Repeating games with switched colors reduces Elo error. All matches should be done like this

mmt · Post by **mmt** » Tue Feb 25, 2020 1:42 pm

This only applies to tests with the same opening book for both sides. It makes intuitive sense that the results will be more accurate if player A and player B play both sides of all openings. But I couldn't find any empirical results so I wrote a utility to test it out myself.

First, I've compared predictions that can be made after the first n games (multiple runs ordered randomly for higher accuracy) about the rest of the match. The results of matches with switched colors give more accurate predictions about the rest of the match.
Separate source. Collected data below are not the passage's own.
Lemma uniform_prob_itvNyc_le m : 0 <= m <= 1 -> (U `]-oo, m] <= m%:E)%E.
Proof.
move=> /andP[m_ge0 m_le1]; rewrite uniform_probE //.
apply: (@le_trans _ _ (((1 - a)^-1)%:E * mu `[a, m])%E).
  apply: lee_wpmul2l; first by rewrite lee_fin ltW.
  apply: le_measure; rewrite ?inE //; first exact: measurableI.
  by move=> x [] /=; rewrite !in_itv /= => -> /andP[-> _].
rewrite lebesgue_measure_itv /= lte_fin.
case: ifP => _; last by rewrite mule0 lee_fin.
rewrite -EFinD -EFinM lee_fin.
have : 0 <= (1 - a)^-1 * a * (1 - m) by rewrite !mulr_ge0 ?subr_ge0 // ltW.
have := mul_inv1Ba; nra.
Qed.

End uniform_prob_bounds.

Section value_at_risk.
Context (R : realType) d (T : measurableType d) (P : probability T R).
Context (X : T -> R).
Hypothesis mX : measurable_fun setT X.

Let XR : {RV P >-> R} := mfun_Sub (mem_set mX).

Let F s := P [set w | X w <= s].

Let FE s : F s = cdf XR s. Proof. by []. Qed.

Lemma VaR_le_cdf b s :
  (VaR P b X <= s%:E)%E <-> (b%:E <= P [set w | (X w <= s)%R])%E.
Proof.
rewrite -/(F s); split=> [VaR_le_s|bFs]; last by apply: ereal_inf_lbound; exists s.
have b_le_F r : s < r -> (b%:E <= F r)%E.
  move=> sr; have /ereal_inf_lt[_ [x /= bFx <-]] : (VaR P b X < r%:E)%E.
    by apply: le_lt_trans VaR_le_s _; rewrite lte_fin.
  by rewrite lte_fin FE => /ltW/(@cdf_nondecreasing _ _ _ P XR); exact: le_trans.
rewrite FE; apply: (cvge_ge _ (@cdf_right_continuous _ _ _ P XR s)); near=> r.
by rewrite -FE; apply: b_le_F; near: r; exact: nbhs_right_gt.
Unshelve. all: by end_near.
Qed.

Lemma VaR_nondecreasing :
  {homo (fun b => VaR P b X) : b c / b <= c >-> (b <= c)%E}.
Proof.
move=> b c bc; apply: ereal_inf_le_tmp => _ [x /= cFx <-].
by exists x => //=; exact: le_trans cFx.
Qed.

Lemma measurable_VaR : measurable_fun setT (fun b => VaR P b X).
Proof. exact: nondecreasing_emeasurable VaR_nondecreasing. Qed.

Lemma VaR_lty b : b < 1 -> (VaR P b X < +oo)%E.
Proof.
move=> b_lt1; have [x bFx] : exists x, (b%:E <= F x)%E.
  apply: contrapT => /forallNP F_lt_b.
  have : (1 <= b%:E)%E.
    apply: (cvge_le _ (@cvg_cdfy1 _ _ _ P XR)); near=> x.
    by rewrite -FE ltW // ltNge; exact/negP/F_lt_b.
  by rewrite lee_fin leNgt b_lt1.
by apply: le_lt_trans (proj2 (VaR_le_cdf b x) bFx) _; rewrite ltry.
Unshelve. all: by end_near.
Qed.

Lemma VaR_gtNy b : 0 < b -> (-oo < VaR P b X)%E.
Proof.
move=> b_gt0; have [x Fxb] : exists x, (F x < b%:E)%E.
  apply: contrapT => /forallNP F_ge_b.
  have : (b%:E <= 0)%E.
    apply: (cvge_ge _ (@cvg_cdfNy0 _ _ _ P XR)); near=> x.
    by rewrite -FE leNgt; exact/negP/F_ge_b.
  by rewrite lee_fin leNgt b_gt0.
rewrite ltNge; apply/negP => /(le_trans)/(_ (leNye x%:E))/VaR_le_cdf.
by rewrite leNgt Fxb.
Unshelve. all: by end_near.
Qed.

Lemma VaR_fin_num b : 0 < b < 1 -> VaR P b X \is a fin_num.
Proof.
by case/andP => b_gt0 b_lt1; rewrite fin_numE -ltey -ltNye VaR_lty // VaR_gtNy.
Qed.

End value_at_risk.

Lemma ereal_sup_min_EFin (R : realType) (v : \bar R) :
  ereal_sup [set Order.min v x%:E | x in [set: R]] = v.
Proof.
apply/le_anti/andP; split.
  by apply: ge_ereal_sup => _ [x _ <-]; rewrite ge_min lexx.
case: v => [r| |]; last exact: leNye.
  by apply: ereal_sup_ubound; exists r => //; rewrite minxx.
rewrite leye_eq; apply/eqP/eqyP => A _.
by apply: ereal_sup_ubound; exists A => //; rewrite min_r ?leey.
Qed.

Section expected_shortfall_Lambda.
Context (R : realType) d (T : measurableType d) (P : probability T R).
Context (Lam : R -> R) (X : T -> R).

Lemma ES1E : ES P 1 X = VaR P 1 X.
Proof. by rewrite /ES ltxx. Qed.

Lemma ESL_cst1 : (forall x, Lam x = 1) -> ESL P Lam X = VaR P 1 X.
Proof.
move=> Lam1; rewrite /ESL -[RHS](ereal_sup_min_EFin (VaR P 1 X)).
by congr ereal_sup; apply: eq_imagel => x _; rewrite Lam1 ES1E.
Qed.

Lemma le_ESL y : (y%:E <= ES P (Lam y) X)%E -> (y%:E <= ESL P Lam X)%E.
Proof.
move=> y_le_ES; apply: (@le_trans _ _ (Order.min (ES P (Lam y) X) y%:E)).
  by rewrite le_min y_le_ES lexx.
by apply: ereal_sup_ubound; exists y.
Qed.

Lemma ESL_le v : (forall x, ES P (Lam x) X <= v)%E -> (ESL P Lam X <= v)%E.
Proof. by move=> ES_le_v; apply: ge_ereal_sup => _ [x _ <-]; rewrite ge_min ES_le_v. Qed.

Lemma ESL_le_max (x0 M : R) : (forall x, x0 < x -> (ES P (Lam x) X <= M%:E)%E) ->
  (ESL P Lam X <= (Num.max x0 M)%:E)%E.
Proof.
move=> ES_le_M; apply: ge_ereal_sup => _ [x _ <-].
have [xx0|x0x] := leP x x0; rewrite ge_min.
  by rewrite lee_fin le_max xx0 orbT.
by rewrite (le_trans (ES_le_M _ x0x)) // lee_fin le_max lexx orbT.
Qed.

End expected_shortfall_Lambda.

Section expected_shortfall_bounds.
Context (R : realType) d (T : measurableType d) (P : probability T R).
Context (X : T -> R).
Hypothesis iX : P.-integrable setT (EFin \o X).
Local Notation mu := (@lebesgue_measure R).

Let mX : measurable_fun setT X.
Proof. exact/measurable_EFinP/(measurable_int _ iX). Qed.

Let Fr s := fine (P [set w | X w <= s]).

Let FrE s : (Fr s)%:E = P [set w | X w <= s].
Proof. by rewrite fineK // fin_num_measure //; exact: measurable_sublevel_le. Qed.

Let Fr_ge0 s : 0 <= Fr s. Proof. by rewrite -lee_fin FrE. Qed.

Let Fr_le1 s : Fr s <= 1.
Proof. by rewrite -lee_fin FrE probability_le1 //; exact: measurable_sublevel_le. Qed.

Let Fr01 s : 0 <= Fr s <= 1. Proof. by rewrite Fr_ge0 Fr_le1. Qed.

Let P_superlevel_lt t : P [set w | t < X w] = (1 - Fr t)%:E.
Proof.
rewrite (_ : [set w | t < X w] = ~` [set w | X w <= t]); last first.
  by apply/seteqP; split => w /=; rewrite ltNge => /negP.
by rewrite probability_setC ?EFinB ?FrE //; exact: measurable_sublevel_le.
Qed.

Let expectation_funrpos_ccdf : (\int[P]_w (X^\+ w)%:E =
  \int[mu]_(t in `[0%R, +oo[) P [set w | (t < X w)%R])%E.
Proof.
rewrite ge0_integral_ccdf; [|exact: measurable_funrpos|exact: funrpos_ge0].
apply: eq_integral => t; rewrite inE /= in_itv /= andbT => t_ge0.
congr (P _); apply/seteqP; split => w /=; rewrite /funrpos lt_max.
  by case/orP => //; rewrite ltNge t_ge0.
by move=> ->.
Qed.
Then I've used the bootstrap method of Elo error estimation. Playing with switched colors reduces Elo error. The tools like Ordo do not take the switched colors games into account and as a result, their error is too large. Instead of taking a match with 100 games (50 pairs) and picking individual games they should treat this match as 50 games, each having a result of 0, 0.5, 1, 1.5, or 2.

I can run this test for many matches if somebody wants to see the hard numbers. But it's clear that matches not using the switched color system are unnecessarily wasting CPU/GPU time by having to run more games to get the same accuracy as the matches with switched colors.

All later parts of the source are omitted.